### EXERCISE
Lines from the one containing "apply: eq_bigr => i _." through the end of the entries below: set them down exactly, both ends included, with nothing added.

### DATA FOR PROCESSING
(* With the notation of the context, let $r\ge1$, let $T^{(r)}$ be any unitary on $\mathcal H$ with $T^{(r)}(|j\rangle\otimes|0\rangle^{\otimes(2r+1)})=|\Psi^{(r)}_j\rangle$ for all $j\in[N]$ (here $|j\rangle,|0\rangle\in\mathbb C^{2N}$), let $\epsilon\ge0$ and let $\tilde T$ be a unitary with $\|\tilde T-T^{(r)}\|\le\epsilon/2$. Let $\Pi:\mathbb C^N\to\mathcal H$ be the isometry $\Pi|j\rangle=|j\rangle\otimes|0\rangle^{\otimes(2r+1)}$. Then $\big\|\Pi^\dagger\tilde T^\dagger S^{(r)}\tilde T\,\Pi-(H/d)^r\big\|\le\epsilon$; that is, $\tilde T^\dagger S^{(r)}\tilde T$ is a $(1,2rn+2r+n+2,\epsilon)$-block-encoding of $(H/d)^r$ (with $\epsilon=0$ for $\tilde T=T^{(r)}$).
   Context: Let $N=2^n$, $[m]=\{0,\dots,m-1\}$, and $H$ an $N\times N$ Hermitian matrix with $\|H\|_{\max}=\max_{j,k}|H_{jk}|\le1$. For each $j\in[N]$ let $N(j)\subseteq[N]$ with $|N(j)|=d$, $\{k:H_{jk}\ne0\}\subseteq N(j)$, and $k\in N(j)\iff j\in N(k)$. A path of length $r$ from $j_0$ is $\mathbf j=(j_0,\dots,j_r)\in[N]^{r+1}$ with $j_{s+1}\in N(j_s)$ for all $s\in[r]$. Fix complex numbers $\sigma_{jk}$ with $|\sigma_{jk}|^2=|H_{jk}|$ and $\sigma_{jk}\overline{\sigma_{kj}}=\overline{H_{jk}}$ for all $j,k\in[N]$. $\mathcal H=(\mathbb C^{2N})^{\otimes(2r+2)}$ with basis $|a_0,\dots,a_{2r+1}\rangle$, $a_i\in[2N]$, and $$|\Psi^{(r)}_{j_0}\rangle=\frac1{\sqrt{d^r}}\sum_{\mathbf j}|j_0,\dots,j_r\rangle\otimes|j_0\rangle\bigotimes_{s\in[r]}\Big(\sigma_{j_sj_{s+1}}|j_{s+1}\rangle+\sqrt{1-|H_{j_sj_{s+1}}|}\,|j_{s+1}+N\rangle\Big)$$ (sum over paths of length $r$ from $j_0$); this is a unit vector. $S^{(r)}|a_0,\dots,a_{2r+1}\rangle=|a_{2r+1},\dots,a_0\rangle$. Block-encoding: $U$ is an $(\alpha,a,\epsilon)$-block-encoding of $A$ if $\|A-\alpha(\text{compression of }U\text{ to ancillas in }|0\rangle)\|\le\epsilon$ in spectral norm. Norms are spectral norms. *)

From HB Require Import structures.
From mathcomp Require Import all_boot all_order all_algebra.
From mathcomp Require Import classical_sets reals.
From mathcomp Require Import complex.
Set Implicit Arguments. Unset Strict Implicit. Unset Printing Implicit Defensive.
Import Order.TTheory GRing.Theory Num.Theory.
Local Open Scope ring_scope.
Local Open Scope classical_set_scope.

Section LinAlg.
Variable R : realType.
Local Notation C := R[i].
Local Notation normc := (@ComplexField.Normc.normc R).
Local Notation "x %:C" := (real_complex R x) .

(* Finite-dimensional operators between coordinate spaces C^J -> C^I,
   indexed by arbitrary finite types (needed for tensor-product index sets). *)
Definition op (I J : finType) := I -> J -> C.

Definition vnorm (I : finType) (x : I -> C) : R :=
  Num.sqrt (\sum_i normc (x i) ^+ 2).

Definition opapply (I J : finType) (A : op I J) (x : J -> C) : I -> C :=
  fun i => \sum_j A i j * x j.

Definition opnorm (I J : finType) (A : op I J) : R :=
  sup [set vnorm (opapply A x) | x in [set x : J -> C | vnorm x <= 1]].

Definition opmul (I J K : finType) (A : op I J) (B : op J K) : op I K :=
  fun i k => \sum_j A i j * B j k.

Definition opadj (I J : finType) (A : op I J) : op J I := fun j i => conjc (A i j).

Definition idop (I : finType) : op I I := fun i j => (i == j)%:R.

Definition unitary (I : finType) (A : op I I) : Prop :=
  opmul (opadj A) A = @idop I /\ opmul A (opadj A) = @idop I.

Definition sub_op (I J : finType) (A B : op I J) : op I J := fun i j => A i j - B i j.

Definition mxpow (m : nat) (A : 'M[C]_m) (k : nat) : 'M[C]_m :=
  iter k (fun B => A *m B) 1%:M.

Variables (N : nat).

(* basis index of H = (C^{2N})^{(x)(2r+2)} : a (2r+2)-tuple of elements of [2N] *)
Definition Idx (r : nat) : finType := ((2 * r + 2).-tuple 'I_(N + N))%type.

Definition at_ (r : nat) (a : Idx r) (k : nat) : nat := nth 0%N [seq val x | x <- a] k.

Definition is_path (Nb : 'I_N -> {set 'I_N}) (r : nat) (j0 : 'I_N)
    (jp : (r.+1).-tuple 'I_N) : bool :=
  (nth j0 jp 0 == j0) && [forall s : 'I_r, nth j0 jp s.+1 \in Nb (nth j0 jp s)].

(* coefficient at basis index a of
   |j_0..j_r> (x) |j_0> (x) (x)_s (sigma_{j_s j_{s+1}} |j_{s+1}> + sqrt(1-|H_{j_s j_{s+1}}|) |j_{s+1}+N>) *)
Definition psi_term (H : 'M[C]_N) (sigma : 'I_N -> 'I_N -> C) (r : nat) (j0 : 'I_N)
    (jp : (r.+1).-tuple 'I_N) (a : Idx r) : C :=
  (\prod_(i < r.+1) (at_ a i == nth j0 jp i)%:R) * (at_ a r.+1 == j0)%:R *
  \prod_(s < r)
    (let j := nth j0 jp s in let j' := nth j0 jp s.+1 in let x := at_ a (r + 2 + s) in
     if x == val j' then sigma j j'
     else if x == (N + val j')%N then (Num.sqrt (1 - normc (H j j')))%:C
     else 0).

Definition Psi (H : 'M[C]_N) (Nb : 'I_N -> {set 'I_N}) (d : nat)
    (sigma : 'I_N -> 'I_N -> C) (r : nat) (j0 : 'I_N) : Idx r -> C :=
  fun a => ((Num.sqrt (d%:R ^+ r : R))%:C)^-1 *
     \sum_(jp : (r.+1).-tuple 'I_N | is_path Nb j0 jp) psi_term H sigma j0 jp a.

Definition Pi (r : nat) : op (Idx r) 'I_N :=
  fun a j => ([seq val x | x <- a] == val j :: nseq (2 * r + 1) 0%N)%:R.

Definition Swap (r : nat) : op (Idx r) (Idx r) :=
  fun a b => ((a : seq _) == rev b)%:R.

End LinAlg.

(* For a unitary U on H = (C^{2N})^{(x)(2r+2)} write
     sandwich Pi S U := Pi^dag U^dag S U Pi,
   where Pi : C^N -> H is the isometry |j> |-> |j>|0..0> and S reverses the
   order of the tensor factors.  The theorem combines two independent facts.

   Stability (EuclideanSpace, Operators): if Pi and S are isometries, T and
   T~ are unitary and ||T~ - T|| <= eps/2, then the two sandwiches differ by at
   most eps in operator norm.  This is a telescoping identity plus the triangle
   inequality for the Euclidean norm, itself obtained from Cauchy-Schwarz.

   Exactness (PathStates, PowersAndPaths, SwapOverlap, Registers): if
   T Pi |j> = |Psi_j>, the (j,k) entry of the sandwich of T is <Psi_j|S|Psi_k>.
   Each |Psi_j> is d^{-r/2} times a sum of product vectors indexed by the paths
   from j, so the swapped overlap of two path terms factorises over the 2r+2
   registers.  It vanishes unless the second path is the reversal of the first,
   and then equals the product of the entries of H along the path, because
   sigma_{j'j} conj(sigma_{jj'}) = conj(H_{j'j}) = H_{jj'}.  Summing over the
   paths from j to k yields the (j,k) entry of (H/d)^r. *)

From HB Require Import structures.
From mathcomp Require Import all_boot all_order all_algebra.
From mathcomp Require Import reals boolp.
From mathcomp Require Import complex.
From mathcomp Require Import ring lra zify.
Import Order.TTheory GRing.Theory Num.Theory.
Local Open Scope ring_scope.
Set Implicit Arguments. Unset Strict Implicit. Unset Printing Implicit Defensive.

Section EuclideanSpace.
Variable R : realType.
Local Notation C := R[i].
Local Notation normc := (@ComplexField.Normc.normc R).
Local Notation "x %:C" := (real_complex R x).

Lemma normcC (z : C) : `|z| = (normc z)%:C.
Proof. by case: z => a b; rewrite normc_def. Qed.

Lemma normc_ge0 (z : C) : 0 <= normc z.
Proof. by case: z => a b /=; rewrite sqrtr_ge0. Qed.

Lemma normc_sqr (z : C) : (normc z ^+ 2)%:C = z * conjc z.
Proof. by rewrite rmorphXn /= -normcC sqr_normc. Qed.

Lemma normc_conj (z : C) : normc (conjc z) = normc z.
Proof. by apply: (@complexI R); rewrite -!normcC normcJ. Qed.

Lemma normc_real (x : R) : normc x%:C = `|x|.
Proof. by rewrite /= expr0n /= addr0 sqrtr_sqr. Qed.

Lemma normc_sum (I : finType) (F : I -> C) :
  normc (\sum_i F i) <= \sum_i normc (F i).
Proof.
elim/big_rec2: _ => [|i y z _ Hz]; first by rewrite ComplexField.Normc.normc0.
by apply: le_trans (le_normcD _ _) _; rewrite lerD2l.
Qed.

(* Cauchy-Schwarz for real families, from Lagrange's identity
   sum_{i,j} (a_i b_j - a_j b_i)^2 = 2 (|a|^2 |b|^2 - (a.b)^2). *)
Lemma cauchy_schwarz (I : finType) (a b : I -> R) :
  \sum_i a i * b i <= Num.sqrt (\sum_i a i ^+ 2) * Num.sqrt (\sum_i b i ^+ 2).
Proof.
set A := \sum_i a i ^+ 2; set B := \sum_i b i ^+ 2; set S := \sum_i a i * b i.
have lagrange : \sum_i \sum_j (a i * b j - a j * b i) ^+ 2 = 2%:R * (A * B - S ^+ 2).
  transitivity (\sum_i (a i ^+ 2 * B + b i ^+ 2 * A - 2%:R * (a i * b i * S))).
    apply: eq_bigr => i _.
    rewrite /A /B /S !big_distrr /= -big_split -sumrB /=.
    by apply: eq_bigr => j _; ring.
  rewrite sumrB big_split /= -!big_distrl /= -!big_distrr /= -/A -/B -/S.
  rewrite -big_distrl /= -/S; ring.
have sq_le : S ^+ 2 <= A * B.
  have : 0 <= \sum_i \sum_j (a i * b j - a j * b i) ^+ 2.
    by apply: sumr_ge0 => i _; apply: sumr_ge0 => j _; apply: sqr_ge0.
  by rewrite lagrange pmulr_rge0 ?ltr0n // subr_ge0.
have A_ge0 : 0 <= A by apply: sumr_ge0 => i _; apply: sqr_ge0.
apply: le_trans (ler_norm S) _.
by rewrite -sqrtrM // -sqrtr_sqr ler_wsqrtr.
Qed.

Definition sqnorm (I : finType) (x : I -> C) : R := \sum_i normc (x i) ^+ 2.
Definition dotc (I : finType) (x y : I -> C) : C := \sum_i conjc (x i) * y i.

Lemma sqnorm_ge0 (I : finType) (x : I -> C) : 0 <= sqnorm x.
Proof. by apply: sumr_ge0 => i _; apply: sqr_ge0. Qed.

Lemma vnorm_ge0 (I : finType) (x : I -> C) : 0 <= vnorm x.
Proof. exact: sqrtr_ge0. Qed.

Lemma sqr_vnorm (I : finType) (x : I -> C) : vnorm x ^+ 2 = sqnorm x.
Proof. by rewrite sqr_sqrtr // sqnorm_ge0. Qed.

### REPLY TO THE TASK
    apply: eq_bigr => i _.
    rewrite /A /B /S !big_distrr /= -big_split -sumrB /=.
    by apply: eq_bigr => j _; ring.
  rewrite sumrB big_split /= -!big_distrl /= -!big_distrr /= -/A -/B -/S.
  rewrite -big_distrl /= -/S; ring.
have sq_le : S ^+ 2 <= A * B.
  have : 0 <= \sum_i \sum_j (a i * b j - a j * b i) ^+ 2.
    by apply: sumr_ge0 => i _; apply: sumr_ge0 => j _; apply: sqr_ge0.
  by rewrite lagrange pmulr_rge0 ?ltr0n // subr_ge0.
have A_ge0 : 0 <= A by apply: sumr_ge0 => i _; apply: sqr_ge0.
apply: le_trans (ler_norm S) _.
by rewrite -sqrtrM // -sqrtr_sqr ler_wsqrtr.
Qed.

Definition sqnorm (I : finType) (x : I -> C) : R := \sum_i normc (x i) ^+ 2.
Definition dotc (I : finType) (x y : I -> C) : C := \sum_i conjc (x i) * y i.

Lemma sqnorm_ge0 (I : finType) (x : I -> C) : 0 <= sqnorm x.
Proof. by apply: sumr_ge0 => i _; apply: sqr_ge0. Qed.

Lemma vnorm_ge0 (I : finType) (x : I -> C) : 0 <= vnorm x.
Proof. exact: sqrtr_ge0. Qed.

Lemma sqr_vnorm (I : finType) (x : I -> C) : vnorm x ^+ 2 = sqnorm x.
Proof. by rewrite sqr_sqrtr // sqnorm_ge0. Qed.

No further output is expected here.